Watching her talk so passionately about what she’s marketing, I understand why the team hired her.

She has a gorgeous smile with dimples in both cheeks.

Her eyes are always bright and full of life.

And from the tone of her skin, the sun loves her.

She talks animatedly about the bakery she’s promoting and doesn’t hesitate to take a massive bite of a cupcake on camera, giving her honest opinion.

Her eyes roll to the back of her head, and it damn near looks orgasmic.

The way she moans is like a sex act, and my dick rages for a taste of her.

Brea King is the kind of woman who could persuade a man like me to settle down and think of marriage, babies, and monogamy. Christ , I already am.

Closing my eyes, I lean my head back and imagine her waddling around in a pair of panties, fuzzy socks I saw her advertising and gushing over, and a cropped jersey with her belly exposed, the proof of my virility growing inside of her.

Nice and round, bulging with her body, nearly ready to give birth.

My hand slides down to my pants, pushing the sweats past my swollen dick and clasping it roughly as I begin stroking up and down, imagining it’s her mouth or pussy.

Fuck , the crimes I would commit to get inside this woman should have me locked up in a Turkish prison for the rest of my life.
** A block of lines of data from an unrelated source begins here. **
(* In the setting of the context, for every iteration $n$ (with $R_n\neq0$): (a) $M\subset H_n:=\bigcap_{k=1}^{N_n}H(v_{n,k},\beta_{n,k})$, where $H(v,\beta)=\{x\in X:\langle v,x\rangle=\beta\}$. (b) $J_p(x_n)-J_p(x_0)$ lies in the linear span of the search directions of all previous iterations, $\mathrm{span}\bigcup_{m<n}V_m$, and hence in $\overline{\mathcal{R}(A^* )}$. (c) $x_{n+1}=\Pi^{X}_{H_n}(x_n)$, the Bregman projection of $x_n$ onto $H_n$ in $X$, and $J_p(x_{n+1})=\Pi^{X^*}_{J_p(x_n)+V_n}(J_p(z))$ for every $z\in M$, where $\Pi^{X^*}$ is the Bregman projection in $X^*$. (d) $J_{p^*}(v_{n,N_n})=\Pi^{X}_{V_{n-1}^{\perp}}(J_{p^*}(u_n))$, where $V_{n-1}^\perp=\{x\in X:\langle v,x\rangle=0\ \forall v\in V_{n-1}\}$.
   Context: $X$ is a real smooth, uniformly convex Banach space, $Y$ a real Banach space, $A:X\to Y$ bounded linear with adjoint $A^*$, $y\in\mathcal{R}(A)$, $M=\{x:Ax=y\}$. Fix $p,r\in(1,\infty)$, $p^*=p/(p-1)$. $J_p:X\to X^*$ is the duality mapping with gauge $t^{p-1}$, $J_{p^*}:X^*\to X$ that of $X^*$ with gauge $t^{p^*-1}$ (inverse of $J_p$), $J_r^Y$ a single-valued selection of the duality mapping of $Y$ with gauge $t^{r-1}$. Bregman distance in $X$: $D_p(x,z)=\tfrac1{p^*}\|x\|^p-\langle J_p(x),z\rangle+\tfrac1p\|z\|^p$; $\Pi^X_C(x)$ is the minimizer of $D_p(x,\cdot)$ over a closed convex nonempty $C\subset X$. In $X^*$ the Bregman distance is $D_{p^*}(x^*,z^* )=\tfrac1p\|x^*\|^{p^*}-\langle z^*,J_{p^*}(x^* )\rangle+\tfrac1{p^*}\|z^*\|^{p^*}$, and $\Pi^{X^*}_C(x^* )$ minimizes $D_{p^*}(x^*,\cdot)$ over closed convex $C\subset X^*$. Method: choose $x_0$ with $J_p(x_0)\in\overline{\mathcal{R}(A^* )}$, fix $N\in\mathbb{N}$, $N_n=\min(N,n+1)$, $V_{-1}=\{0\}$. For $n=0,1,\dots$: $w_n=Ax_n-y$, $R_n=\|w_n\|$; stop if $R_n=0$. Else $u_n^*=J_r^Y(w_n)$, $u_n=A^*u_n^*$. Let $s_n$ minimize $s\mapsto\|u_n-\sum_{i=1}^{N_{n-1}}s_iv_{n-1,i}\|^{p^*}$ (empty sum for $n=0$), set $v_{n,N_n}=u_n-\sum_k s_{n,k}v_{n-1,k}$ with precursor $w^*_{n,N_n}=u_n^*-\sum_k s_{n,k}w^*_{n-1,k}$; $v_{n,1},\dots,v_{n,N_n-1}$ with precursors are the last $N_n-1$ entries of the previous lists, in order ($v_{n,k}=A^*w^*_{n,k}$). $V_n=\mathrm{span}\{v_{n,1},\dots,v_{n,N_n}\}$, offsets $\beta_{n,k}=\langle w^*_{n,k},y\rangle$; $t_n$ minimizes $h_n(t)=\tfrac1{p^*}\|J_p(x_n)-\sum_k t_kv_{n,k}\|^{p^*}+\sum_k t_k\beta_{n,k}$; $x_{n+1}=J_{p^*}(J_p(x_n)-\sum_k t_{n,k}v_{n,k})$. *)

From HB Require Import structures.
From mathcomp Require Import all_boot all_order all_algebra.
From mathcomp Require Import all_classical all_reals all_analysis.
Set Implicit Arguments. Unset Strict Implicit. Unset Printing Implicit Defensive.
Import Order.TTheory GRing.Theory Num.Theory.
Import numFieldNormedType.Exports.
Local Open Scope classical_set_scope.
Local Open Scope ring_scope.

Section Defs.
Context {R : realType}.

(* Elements of the dual space V^* are represented as functions V -> R
   that are linear and continuous. *)
Definition is_functional {V : normedModType R} (f : V -> R) : Prop :=
  (forall (a : R) (u w : V), f (a *: u + w) = a * f u + f w) /\ continuous f.

Definition bounded_linear {V W : normedModType R} (A : V -> W) : Prop :=
  (forall (a : R) (u w : V), A (a *: u + w) = a *: A u + A w) /\ continuous A.

Definition dnorm {V : normedModType R} (f : V -> R) : R :=
  sup [set `|f u| | u in [set u : V | `|u| <= 1]].

Definition uniformly_convex (V : normedModType R) : Prop :=
  forall eps : R, 0 < eps -> eps <= 2 ->
  exists2 delta : R, 0 < delta &
    forall u w : V, `|u| <= 1 -> `|w| <= 1 -> eps <= `|u - w| ->
      `|2^-1 *: (u + w)| <= 1 - delta.

Definition smooth (V : normedModType R) : Prop :=
  forall u : V, `|u| = 1 -> forall f g : V -> R,
    is_functional f -> is_functional g -> dnorm f = 1 -> dnorm g = 1 ->
    f u = 1 -> g u = 1 -> f = g.
(* For every $n\in\mathbb{N}$, the number of labeled split graphs with vertex set $[n]$ whose questioning set has size at least $2$ equals $$2\sum_{q=2}^{n}\sum_{c=0}^{n-q}\binom{n}{q}\binom{n-q}{c}\big(2^{\,n-c-q}-1\big)^{c},$$ with the convention $0^0=1$.
   Context: $[n]=\{1,\dots,n\}$; labeled graphs on $[n]$ are distinct if their edge sets differ. A split partition of a graph $G$ is an ordered pair $(C',I')$ of disjoint sets (possibly empty) with $C'\cup I'=V(G)$, $C'$ a clique and $I'$ an independent set; $G$ is a split graph if it has a split partition. The questioning set of a split graph is the set of vertices $v$ for which there is a split partition with $v\in C'$ and a split partition with $v\in I'$. *)

(* Labeled graphs on [n] = vertex type 'I_n (vertices 0..n-1),
   a graph is identified with its edge set: a set of 2-element subsets. *)
From mathcomp Require Import all_boot.
Set Implicit Arguments. Unset Strict Implicit. Unset Printing Implicit Defensive.

Section Split.
Variable n : nat.
Implicit Types (G : {set {set 'I_n}}) (C I : {set 'I_n}).

Definition is_graph G : bool := [forall e in G, #|e| == 2].

Definition adj G (x y : 'I_n) : bool := (x != y) && ([set x; y] \in G).

Definition is_clique G C : bool :=
  [forall x in C, forall y in C, (x != y) ==> adj G x y].

Definition is_indep G I : bool :=
  [forall x in I, forall y in I, ~~ adj G x y].

Definition split_partition G C I : bool :=
  [&& [disjoint C & I], C :|: I == [set: 'I_n], is_clique G C & is_indep G I].

Definition is_split G : bool := [exists C, exists I, split_partition G C I].

Definition questioning_set G : {set 'I_n} :=
  [set v | [exists C, exists I, split_partition G C I && (v \in C)]
        && [exists C, exists I, split_partition G C I && (v \in I)]].
End Split.

From mathcomp Require Import all_boot.
Set Implicit Arguments. Unset Strict Implicit. Unset Printing Implicit Defensive.

(* A split partition is determined by its clique side C (the independent side
   is ~: C), so the questioning set Q of G consists of the vertices lying in
   some clique side and outside another one.  Fixing a clique side C of maximum
   size, the questioning vertices inside C are exactly the "loose" ones (no
   neighbour outside C), and a questioning vertex outside C sees all of C but
   one loose vertex; hence Q is either a clique or an independent set.
   Complementation swaps these two cases, so it suffices to count twice the
   graphs whose questioning set is a clique.  Such a graph, with |Q| >= 2, is
   described bijectively by the data (Q, A, f): A is the set of vertices outside
   Q adjacent to Q (then Q :|: A is the maximum clique side), and f assigns to
   each a in A its nonempty set of neighbours outside Q :|: A.  Summing the
   number (2 ^ (n - |Q| - |A|) - 1) ^ |A| of such f over Q and A, grouped by
   size, gives the formula. *)

Lemma card_nonempty_subsets (T : finType) (D : {set T}) :
  #|[pred S : {set T} | (S \subset D) && (S != set0)]| = 2 ^ #|D| - 1.
Proof.
rewrite -card_powerset (cardsD1 set0) powersetE sub0set add1n subn1 /=.
by apply: eq_card => S; rewrite !inE andbC.
Qed.

Lemma sum_subsets (T : finType) (D : {set T}) (g : nat -> nat) :
  \sum_(A : {set T} | A \subset D) g #|A| = \sum_(c < #|D|.+1) 'C(#|D|, c) * g c.
Proof.
have leD (A : {set T}) : A \subset D -> #|A| < #|D|.+1.
  by move=> sAD; rewrite ltnS subset_leq_card.
rewrite (partition_big (fun A : {set T} => inord #|A| : 'I_#|D|.+1) predT) //=.
apply: eq_bigr => c _; rewrite (eq_bigr (fun _ => g c)); last first.
  by move=> A /andP[sAD /eqP <-]; rewrite inordK ?leD.
rewrite sum_nat_const -cards_draws; congr (_ * _).
apply: eq_card => A; rewrite inE -topredE /=; case sAD: (A \subset D) => //=.
apply/eqP/eqP => [<-|eAc]; first by rewrite inordK ?leD.
by apply: val_inj; rewrite /= inordK ?leD.
Qed.

Section SplitGraphs.
Variable n : nat.
Notation V := 'I_n.
Notation graph := {set {set V}}.
Notation QS := questioning_set.
Implicit Types (G : graph) (C I Q A : {set V}) (x y z u v w : V).

Lemma adj_sym G x y : adj G x y = adj G y x.
Proof. by rewrite /adj eq_sym setUC. Qed.

Lemma adj_irr G x : adj G x x = false.
Proof. by rewrite /adj eqxx. Qed.

Lemma adj_neq G x y : adj G x y -> x != y.
Proof. by case/andP. Qed.

Lemma graph_ext G G' : is_graph G -> is_graph G' ->
  (forall u v, adj G u v = adj G' u v) -> G = G'.
Proof.
move=> /forall_inP gG /forall_inP gG' eadj; apply/setP => e.
wlog suff: G G' gG gG' eadj / e \in G -> e \in G'.
  by move=> W; apply/idP/idP; apply: W => // u v; rewrite eadj.
move=> eG; have /cards2P[x [y [nxy exy]]] := gG e eG.
have : adj G x y by rewrite /adj nxy -exy.
by rewrite eadj => /andP[_]; rewrite exy.
Qed.

Lemma cliqueP G C :
  reflect (forall x y, x \in C -> y \in C -> x != y -> adj G x y) (is_clique G C).
Proof.
apply: (iffP forall_inP) => [cC x y xC yC | cC x xC].
  by move/forall_inP: (cC x xC) => /(_ y yC) /implyP; apply.
by apply/forall_inP => y yC; apply/implyP; apply: cC.
Qed.

Lemma indepP G I :
  reflect (forall x y, x \in I -> y \in I -> ~~ adj G x y) (is_indep G I).
Proof.
apply: (iffP forall_inP) => [iI x y xI yI | iI x xI].
  by move/forall_inP: (iI x xI) => /(_ y yI).
by apply/forall_inP => y yI; apply: iI.
Qed.

Lemma clique_indep_meet G C I x z : is_clique G C -> is_indep G I ->
  x \in C -> z \in C -> x \in I -> z \in I -> x = z.
Proof.
move=> /cliqueP cC /indepP iI xC zC xI zI; apply/eqP/negPn/negP => nxz.
by have := iI x z xI zI; rewrite cC.
Qed.

(* A split partition (C, I) is determined by its clique side C, with I = ~: C;
   we call C a clique side of G. *)
Definition clique_side G C := is_clique G C && is_indep G (~: C).

Lemma clique_sideP G C : reflect
  ((forall x y, x \in C -> y \in C -> x != y -> adj G x y) /\
   (forall x y, x \notin C -> y \notin C -> ~~ adj G x y)) (clique_side G C).
Proof.
apply: (iffP andP) => [[/cliqueP cC /indepP iC] | [cC iC]]; split => //.
- by move=> x y xC yC; apply: iC; rewrite inE.
- exact/cliqueP.
- by apply/indepP => x y; rewrite !inE; apply: iC.
Qed.

Lemma split_partitionE G C I :
  split_partition G C I = (I == ~: C) && clique_side G C.
Proof.
rewrite /split_partition /clique_side.
apply/and4P/andP => [[dCI /eqP CIT cC iI] | [/eqP-> /andP[cC iC]]].
  suff eI : I = ~: C by rewrite -eI eqxx; split => //; apply/andP.
  apply/setP => v; rewrite inE.
  have /setUP[vC | vI] : v \in C :|: I by rewrite CIT inE.
    by rewrite vC (disjointFr dCI vC).
  by rewrite vI (disjointFl dCI vI).
by split => //; rewrite ?setUCr // -setI_eq0 setICr.
Qed.

Lemma exists_split_partition G (P : {set V} -> {set V} -> bool) :
  [exists C, exists I, split_partition G C I && P C I] =
  [exists C, clique_side G C && P C (~: C)].
Proof.
apply/existsP/existsP => [[C /existsP[I]] | [C /andP[sC PC]]].
  by rewrite split_partitionE => /andP[/andP[/eqP-> sC] PC]; exists C; rewrite sC.
by exists C; apply/existsP; exists (~: C); rewrite split_partitionE eqxx sC.
Qed.

Lemma is_splitE G : is_split G = [exists C, clique_side G C].
Proof.
have := exists_split_partition G (fun _ _ => true).
under eq_existsb do under eq_existsb do rewrite andbT.
by under [in RHS]eq_existsb do rewrite andbT.
Qed.

Lemma questioningE G v : (v \in QS G) =
  [exists C, clique_side G C && (v \in C)] &&
  [exists C, clique_side G C && (v \notin C)].
Proof.
rewrite inE (exists_split_partition G (fun C _ => v \in C)).
rewrite (exists_split_partition G (fun _ I => v \in I)).
by congr (_ && _); apply: eq_existsb => C; rewrite in_setC.
Qed.

Lemma clique_side_add G C y : clique_side G C -> y \notin C ->
  (forall z, z \in C -> adj G y z) -> clique_side G (y |: C).
Proof.
move=> /clique_sideP[cC iC] yC yfull; apply/clique_sideP; split.
  move=> a b; rewrite !in_setU1.
  case/predU1P => [->|aC]; case/predU1P => [->|bC]; rewrite ?eqxx //.
  - by move=> _; apply: yfull.
  - by move=> _; rewrite adj_sym; apply: yfull.
  - exact: cC.
by move=> a b; rewrite !in_setU1 !negb_or => /andP[_ aC] /andP[_ bC]; apply: iC.
Qed.

Lemma clique_side_del G C x : clique_side G C -> x \in C ->
  (forall y, y \notin C -> ~~ adj G x y) -> clique_side G (C :\ x).
Proof.
move=> /clique_sideP[cC iC] xC xloose; apply/clique_sideP; split.
  by move=> a b; rewrite !in_setD1 => /andP[_ aC] /andP[_ bC]; apply: cC.
move=> a b; rewrite !in_setD1.
case/nandP => [/negbNE/eqP->|aC]; case/nandP => [/negbNE/eqP->|bC].
- by rewrite adj_irr.
- exact: xloose.
- by rewrite adj_sym; apply: xloose.
- exact: iC.
Qed.

Lemma max_clique_side G : is_split G ->
  exists2 C, clique_side G C & forall C', clique_side G C' -> #|C'| <= #|C|.
Proof.
rewrite is_splitE => /existsP[C0 sC0].
by case: (arg_maxnP (fun C => #|C|) sC0) => C; exists C.
Qed.

Definition loose G C := [set x in C | [forall y, (y \notin C) ==> ~~ adj G x y]].

Lemma looseP G C x :
  reflect (x \in C /\ forall y, y \notin C -> ~~ adj G x y) (x \in loose G C).
Proof.
rewrite inE; apply: (iffP andP) => [[xC /forallP xl] | [xC xl]]; split => //.
  by move=> y yC; move/implyP: (xl y); apply.
by apply/forallP => y; apply/implyP; apply: xl.
Qed.

Lemma clique_sides_meet G C C' x z : clique_side G C -> clique_side G C' ->
  x \in C -> z \in C -> x \notin C' -> z \notin C' -> x = z.
Proof.
move=> /andP[cC _] /andP[_ iC'] xC zC xC' zC'.
by apply: (clique_indep_meet cC iC'); rewrite // inE.
Qed.

Section MaximumCliqueSide.
Variables (G : graph) (C : {set V}).
Hypothesis sC : clique_side G C.
Hypothesis maxC : forall C', clique_side G C' -> #|C'| <= #|C|.

(* By maximality, no vertex outside C sees all of C (it could join C). *)
Lemma no_full_outside y : y \notin C -> ~ (forall z, z \in C -> adj G y z).
Proof.
move=> yC yfull; have := maxC (clique_side_add sC yC yfull).
by rewrite cardsU1 yC ltnn.
Qed.

(* A loose vertex can be moved to the independent side, so it is questioning. *)
Lemma loose_questioning : loose G C \subset QS G.
Proof.
apply/subsetP => x /looseP[xC xl]; rewrite questioningE.
apply/andP; split; apply/existsP; first by exists C; rewrite sC xC.
by exists (C :\ x); rewrite (clique_side_del sC xC xl) in_setD1 eqxx.
Qed.
(* Let $p\in(0,1)$, $a>a_*:=p^p(1-p)^{1-p}$, and let $\gamma_a:\mathbb{R}\to\mathbb{S}^2$ be a $p$-elastic curve with non-constant curvature $\kappa$ satisfying the first integral with constant $a$ (so $\kappa$ is periodic with some minimal period $\varrho=\varrho(a)>0$). Then $\gamma_a$ is a closed curve if and only if $$\Lambda_p(a):=(1-p)\sqrt{a}\int_0^{\varrho}\frac{\kappa^{2-p}}{a\,\kappa^{2(1-p)}-p^2}\,ds=2\pi q$$ for some rational number $q$.
   Context: $\mathbb{S}^2$ is the unit sphere in $\mathbb{R}^3$. For an immersed arc-length parametrized curve $\gamma$ in $\mathbb{S}^2$, $T=\gamma'$, $N$ is the rotation of $T$ by $+\pi/2$ in the tangent plane, and the geodesic curvature $\kappa$ is defined by $\nabla_T T=\kappa N$. For $p\in(0,1)$, $\mathbf{\Theta}_p(\gamma)=\int_\gamma\kappa^p\,ds$ acts on convex curves ($\kappa>0$), and a $p$-elastic curve is a convex curve whose curvature satisfies $p\,(\kappa^{p-1})''+(p-1)\kappa^{p+1}+p\,\kappa^{p-1}=0$. A $p$-elastic curve with non-constant curvature satisfies, for a constant $a$, the first integral $p^2(p-1)^2\kappa^{2(p-2)}(\kappa')^2+(p-1)^2\kappa^{2p}+p^2\kappa^{2(p-1)}=a$; for $p\in(0,1)$ non-constant solutions require $a>a_*$, and such curves are defined on all of $\mathbb{R}$ with periodic curvature. *)

From Stdlib Require Import Reals QArith Qreals.
From Coquelicot Require Import Coquelicot.
Open Scope R_scope.

Definition v3 : Type := (R * R * R)%type.
Definition cx (v : v3) : R := fst (fst v).
Definition cy (v : v3) : R := snd (fst v).
Definition cz (v : v3) : R := snd v.

Definition dot (u v : v3) : R := cx u * cx v + cy u * cy v + cz u * cz v.
Definition cross (u v : v3) : v3 :=
  (cy u * cz v - cz u * cy v, cz u * cx v - cx u * cz v, cx u * cy v - cy u * cx v).

Definition dcurve (g : R -> v3) : R -> v3 :=
  fun s => (Derive (fun t => cx (g t)) s,
            Derive (fun t => cy (g t)) s,
            Derive (fun t => cz (g t)) s).

Definition smooth_curve (g : R -> v3) : Prop :=
  forall (n : nat) (s : R),
    ex_derive (Derive_n (fun t => cx (g t)) n) s /\
    ex_derive (Derive_n (fun t => cy (g t)) n) s /\
    ex_derive (Derive_n (fun t => cz (g t)) n) s.

Definition on_sphere (g : R -> v3) : Prop := forall s, dot (g s) (g s) = 1.

Definition arclength (g : R -> v3) : Prop :=
  forall s, dot (dcurve g s) (dcurve g s) = 1.

(* T = gamma', N = rotation of T by +pi/2 in T_gamma S^2 (outward orientation):
   N = gamma x T. *)
Definition tangent (g : R -> v3) : R -> v3 := dcurve g.
Definition normal (g : R -> v3) : R -> v3 := fun s => cross (g s) (tangent g s).

(* Geodesic curvature: nabla_T T = (tangential part of gamma'') = kappa N,
   so kappa = <gamma'', N> (gamma'' - its tangential part is normal to S^2,
   hence orthogonal to N). *)
Definition geod_curv (g : R -> v3) : R -> R :=
  fun s => dot (dcurve (dcurve g) s) (normal g s).

Definition convex_curve (g : R -> v3) : Prop := forall s, 0 < geod_curv g s.

Definition p_elastic (p : R) (g : R -> v3) : Prop :=
  smooth_curve g /\ on_sphere g /\ arclength g /\ convex_curve g /\
  forall s,
    p * Derive_n (fun t => Rpower (geod_curv g t) (p - 1)) 2 s
    + (p - 1) * Rpower (geod_curv g s) (p + 1)
    + p * Rpower (geod_curv g s) (p - 1) = 0.

Definition first_integral (p a : R) (k : R -> R) : Prop :=
  forall s,
    p ^ 2 * (p - 1) ^ 2 * Rpower (k s) (2 * (p - 2)) * (Derive k s) ^ 2
    + (p - 1) ^ 2 * Rpower (k s) (2 * p)
    + p ^ 2 * Rpower (k s) (2 * (p - 1)) = a.

Definition minimal_period (f : R -> R) (rho : R) : Prop :=
  0 < rho /\ (forall s, f (s + rho) = f s) /\
  (forall t, 0 < t < rho -> exists s, f (s + t) <> f s).

Definition closed_curve (g : R -> v3) : Prop :=
  exists L, 0 < L /\ forall s, g (s + L) = g s.

Definition a_star (p : R) : R := Rpower p p * Rpower (1 - p) (1 - p).

Definition Lambda (p a rho : R) (k : R -> R) : R :=
  (1 - p) * sqrt a *
  RInt (fun s => Rpower (k s) (2 - p) / (a * Rpower (k s) (2 * (1 - p)) - p ^ 2)) 0 rho.

(* A p-elastic curve is invariant under the rotations generated by its Killing field
   [J = p k^(p-1) g + p (k^(p-1))' T + (1-p) k^p N]: the Euler-Lagrange equation makes [J]
   constant along the curve, and the first integral says [|J|^2 = a].  In cylindrical
   coordinates about the axis [e = J / sqrt a], the height [<g, e> = p k^(p-1) / sqrt a] is a
   function of the curvature, while the polar angle has derivative
   [<N, e> / (1 - <g, e>^2) = (1-p) sqrt a k^(2-p) / (a k^(2(1-p)) - p^2)], so it advances by
   [Lambda_p(a)] over each period of [k].  Any period of the curve is a period [n rho] of [k],
   and the curve closes up after [n rho] exactly when [n Lambda_p(a)] is a multiple of [2 pi]. *)

From Stdlib Require Import Reals QArith Qreals ZArith Lra Lia FunctionalExtensionality.
From Coquelicot Require Import Coquelicot.
Open Scope R_scope.

(* Coquelicot states many equations at aliases of [R] that [ring] does not recognise. *)
Ltac ring_R := simpl; match goal with |- ?x = ?y => change (@eq R x y) end; ring.

Lemma is_derive_Rplus f g s df dg :
  is_derive f s df -> is_derive g s dg -> is_derive (fun t => f t + g t) s (df + dg).
Proof. intros; apply (is_derive_plus f g); auto. Qed.

Lemma is_derive_Rminus f g s df dg :
  is_derive f s df -> is_derive g s dg -> is_derive (fun t => f t - g t) s (df - dg).
Proof. intros; apply (is_derive_minus f g); auto. Qed.

Lemma is_derive_Rmult f g s df dg :
  is_derive f s df -> is_derive g s dg -> is_derive (fun t => f t * g t) s (df * g s + f s * dg).
Proof. intros; apply (is_derive_mult f g); auto. intros; apply Rmult_comm. Qed.

Lemma is_derive_Rconst (c s : R) : is_derive (fun _ : R => c) s 0.
Proof. apply (is_derive_const c). Qed.

Lemma is_derive_eq_val (f : R -> R) s df df' : is_derive f s df -> df = df' -> is_derive f s df'.
Proof. intros H ->; auto. Qed.

Lemma is_derive_shift (f : R -> R) L s df :
  is_derive f (s + L) df -> is_derive (fun t => f (t + L)) s df.
Proof.
  intros H. eapply is_derive_eq_val.
  - apply (is_derive_comp f (fun t => t + L) s); [exact H|].
    apply is_derive_Rplus; [apply (is_derive_id (K := R_AbsRing))|apply is_derive_Rconst].
  - unfold scal, one; simpl; unfold mult; simpl. ring_R.
Qed.

Lemma is_derive_Rpower_comp (f : R -> R) s df c : is_derive f s df -> 0 < f s ->
  is_derive (fun t => Rpower (f t) c) s (c * Rpower (f s) (c - 1) * df).
Proof.
  intros H P. eapply is_derive_eq_val.
  - apply (is_derive_comp (fun x => Rpower x c) f s); [|exact H].
    apply is_derive_Reals, derivable_pt_lim_power; auto.
  - unfold scal; simpl; unfold mult; simpl. ring_R.
Qed.

Lemma is_derive_cos_comp th s dth : is_derive th s dth -> is_derive (fun t => cos (th t)) s (- sin (th s) * dth).
Proof.
  intros H. eapply is_derive_eq_val.
  - apply (is_derive_comp cos th s); [|exact H]. apply is_derive_Reals, derivable_pt_lim_cos.
  - unfold scal; simpl; unfold mult; simpl. ring_R.
Qed.

Lemma is_derive_sin_comp th s dth : is_derive th s dth -> is_derive (fun t => sin (th t)) s (cos (th s) * dth).
Proof.
  intros H. eapply is_derive_eq_val.
  - apply (is_derive_comp sin th s); [|exact H]. apply is_derive_Reals, derivable_pt_lim_sin.
  - unfold scal; simpl; unfold mult; simpl. ring_R.
Qed.

Lemma is_derive_zero_const (f : R -> R) : (forall s, is_derive f s 0) -> forall s t, f s = f t.
Proof.
  intros H s t. destruct (Rtotal_order s t) as [Hl|[He|Hl]].
  - apply (eq_is_derive f s t); auto.
  - subst; auto.
  - symmetry; apply (eq_is_derive f t s); auto.
Qed.

Lemma is_derive_of_const (f : R -> R) c s df : (forall t, f t = c) -> is_derive f s df -> df = 0.
Proof.
  intros E H. apply is_derive_unique in H. rewrite <- H.
  rewrite (Derive_ext f (fun _ => c)); auto. apply Derive_const.
Qed.

Lemma is_derive_periodic_increment (f f' : R -> R) L :
  (forall s, is_derive f s (f' s)) -> (forall s, f' (s + L) = f' s) ->
  forall s, f (s + L) = f s + f L - f 0.
Proof.
  intros Df P s.
  assert (D : forall u, is_derive (fun t => f (t + L) - f t) u 0).
  { intros u. eapply is_derive_eq_val.
    - apply is_derive_Rminus; [apply is_derive_shift|]; apply Df.
    - rewrite P; ring_R. }
  pose proof (is_derive_zero_const _ D s 0) as E. simpl in E.
  rewrite Rplus_0_l in E. lra.
Qed.

Fixpoint Cn (n : nat) (f : R -> R) : Prop :=
  match n with O => True | S n => (forall x, ex_derive f x) /\ Cn n (Derive f) end.

Definition Cinf (f : R -> R) : Prop := forall n, Cn n f.

Lemma Cn_S_Cn n : forall f, Cn (S n) f -> Cn n f.
Proof. induction n; intros f H; simpl in *; auto. destruct H; split; auto. Qed.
I can’t fucking stop, though. My grip tightens, hand pumping faster, and the release bubbles to the surface.

The sound of her laughter sets me off, jets of cum squirting from the tip, splashing on my stomach and chest, and all I can think is what a damn waste.

This load should have been inside my girl.

My girl.

Damn.

I’m a goner.

Alex is going to pitch one hell of a fit, if she doesn’t kill me first. I really hope she doesn’t drop me as a client because she’s the best agent I’ve ever had.

I will have to be clear with her that Brea is my endgame. She’s forever for me, and nothing will change that. Convincing her might be challenging, though, given how much of an ass I’ve been to her.

Staring down at my shirt with my seed drying into the fabric, I hesitate to remove it and toss it in the hamper. I want Brea to wear it, but I’m not sure how to make that happen, not without breaking into her place and putting it in her room in such a way that she believes it’s hers.

Getting up, I head to my room, carefully pulling the material over my head and laying it on the bed to dry while I hop in the shower. I’ll toss it in the dryer in the morning and figure out how to give it to her another time.

Is it sick? Likely. Do I care? Not in the least.

Marking Brea as mine is my top priority, even if she doesn’t realize it yet. There’s nothing I want more. For me, that says something.

The cold shower tempered my desire but not my need.

I fight myself not to scour the internet for every picture and video of Brea I can find.

Nevertheless, I do spend more time than I care to admit rewatching the live interviews she did today and scrutinizing every micro expression on her face when I touched her.

Her beautiful blue eyes darken, the pulse in her neck races, she’s tense, but I don’t get the sense it’s because my touch was unwelcome. If I pause and study closely, her nipples pucker the slightest bit. Maybe it’s my imagination; maybe it isn’t.

I lie in bed, the sun having long since set, and spend too many hours staring at her face. Memorizing her dimples, the laugh lines in her eyes. The tiny speckles of gold in her irises. Her plump lips that I want nothing more than to kiss and suck on.

I briefly wonder if she has tattoos that she’s hiding.

There’s an air of defiance and rebellion in her movements and speech.

I can picture her with stars on her hips, or maybe a butterfly high on the side of her thigh.

Perhaps a perfect rose on her ribcage. Christ , what I would love is for my number to be imprinted somewhere on her body–perhaps the inside of her thigh, where only I could see it.

Possessive feelings for her rock deep inside my soul. She will be mine. It doesn’t matter the amount of manipulation and forcing of the narrative I must do; I’ll love her so completely that she won’t care how we got together.